3.2. Relative Importance of the Variables and Their Sub-Classes

Based on the literature studies and local geo-environmental factors, eight flood conditioning factors were selected and their MC test was carried out for FS modeling. It is also important to know which variables and their respective sub-classes are more important for occurrences of flood. Therefore, to know that, here we applied the method of mean decrease accuracy (MDA) of the RF algorithm and SWARA weight for relative importance of factors and their sub-classes respectively. Table 4 shows the result of relative importance of several factors identified through MDA methods. Thus, the output result shows that distance to river (0.91) is the most important factor for occurrences of flood followed by rainfall (0.84), LULC (0.66), SPI (0.54), soil (0.43), TWI (0.36), NDVI (0.28), and elevation (0.18). Therefore, the above factors are very much responsible for the occurrences of flood in this study area.

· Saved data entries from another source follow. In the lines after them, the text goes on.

Lemma overlap_ge0 a b lo hi : 0 <= overlap a b lo hi.
Proof. overlap_lra. Qed.

Lemma overlap_le_len a b lo hi : a <= b -> overlap a b lo hi <= b - a.
Proof. move=> ?; overlap_lra. Qed.

Lemma overlap_le_width a b lo hi : lo <= hi -> overlap a b lo hi <= hi - lo.
Proof. move=> ?; overlap_lra. Qed.

Lemma overlap_id a b lo hi : lo <= a -> b <= hi -> a <= b -> overlap a b lo hi = b - a.
Proof. move=> ???; overlap_lra. Qed.

Lemma overlap_right a b lo hi : lo <= a -> a <= hi -> hi <= b -> overlap a b lo hi = hi - a.
Proof. move=> ???; overlap_lra. Qed.

Lemma overlap_monotone a b lo hi lo' hi' : lo' <= lo -> hi <= hi' ->
  overlap a b lo hi <= overlap a b lo' hi'.
Proof. move=> ??; overlap_lra. Qed.

Lemma overlap_split a b lo mid hi : a <= b -> lo <= mid <= hi ->
  overlap a b lo mid + overlap a b mid hi <= overlap a b lo hi.
Proof. by move=> ? /andP[? ?]; overlap_lra. Qed.

(* If [a, b] meets [lo', hi'] but sticks out of the larger [lo, hi], it
   crosses one of the two margins of [lo, hi] around [lo', hi']. *)
Lemma overlap_ge_margin a b lo hi lo' hi' d :
  a < lo \/ hi < b -> lo <= lo' <= hi' -> hi' <= hi ->
  d <= lo' - lo -> d <= hi - hi' -> 0 < overlap a b lo' hi' -> d <= overlap a b lo hi.
Proof. by case=> ? /andP[? ?]; overlap_lra. Qed.

Local Notation mu := (@lebesgue_measure R).

Lemma integral_indic_itv a b lo hi :
  (\int[mu]_(x in `[a, b]) (\1_`[lo, hi] x)%:E = (overlap a b lo hi)%:E)%E.
Proof.
have itvI : `[lo, hi] `&` `[a, b] = [set` `[Num.max a lo, Num.min b hi]] :> set R.
  apply/seteqP; split=> x /=; rewrite !in_itv /= ?ge_max ?le_min.
  - by case=> /andP[-> ->] /andP[-> ->].
  - by case/andP=> /andP[-> ->] /andP[-> ->].
rewrite integral_indic//= itvI lebesgue_measure_itv /= /overlap lte_fin.
by case: ifP => // _; rewrite EFinB.
Qed.

End Overlap.

Section Tower.
Variable R : realType.
Local Notation mu := (@lebesgue_measure R).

In the previous paragraph, we described the relative importance of several factors, but it is also necessary to know the importance of each sub-class of several respective factors on flood occurrences. Therefore, here we analyzed the weightage of each factor’s sub-classes by using the SWARA method, and the result is shown in Table 5. The result of the SWARA method shows that aquatic spume with weightage of 0.45 is most responsible for flood followed by agricultural land (0.16) and fallow land (0.12) in the LULC factors. On the other hand, arenaceous area, dense forest, and degraded forest with nil value of SWARA weightage are much less responsible for flood. In the case of soil type, W044 (0.37), W047 (0.25), and W065 (0.19) are associated with flood. Rainfall is one of the most significant parameters for occurrences of flood and the sub-classes of 380.28 to 383.79 (0.52), 388.29 to 389.52 (0.17), and 387.13 to 388.28 (0.11) are highly associated with flood occurrences. NDVI value ranges from −0.329 to −0.552, and the class of 0.395 to 0.552 is associated with high value of 0.23 followed by 0.331 to 0.395 (0.21) and 0.270 to 0.330 (0.17), and very low value consist of < −0.329 (0.11). In distance to river, the sub-class of < 400 m is highly responsible for flood occurrences as the SWARA weight of < 200 m and 200 to 400 m is 0.23 and 0.32, respectively. The area of low flood occurrences zone in distance to river are 1000 m and above 1000 m, as their respective values are 0.09 and 0.04. Elevation is one dominant factor for occurrences of flood. The sub-class of 4 to 34 m is most responsible for occurrences of flood with weightage value of 0.52 followed by 34 to 48 m (0.23) and 48 to 61 m (0.12). The very low zones for flood occurrences area are97 to 142 m, 61 to 77 m, and 77 to 97 m with weightage value is 0.02, 0.03, and 0.08 respectively. The sub-class of 10.407 to 12.061 of TWI (0.19) and in SPI, the sub-class of 9.612 to 12.458 (0.23) is highly associated with frequent flood occurrences in this study area.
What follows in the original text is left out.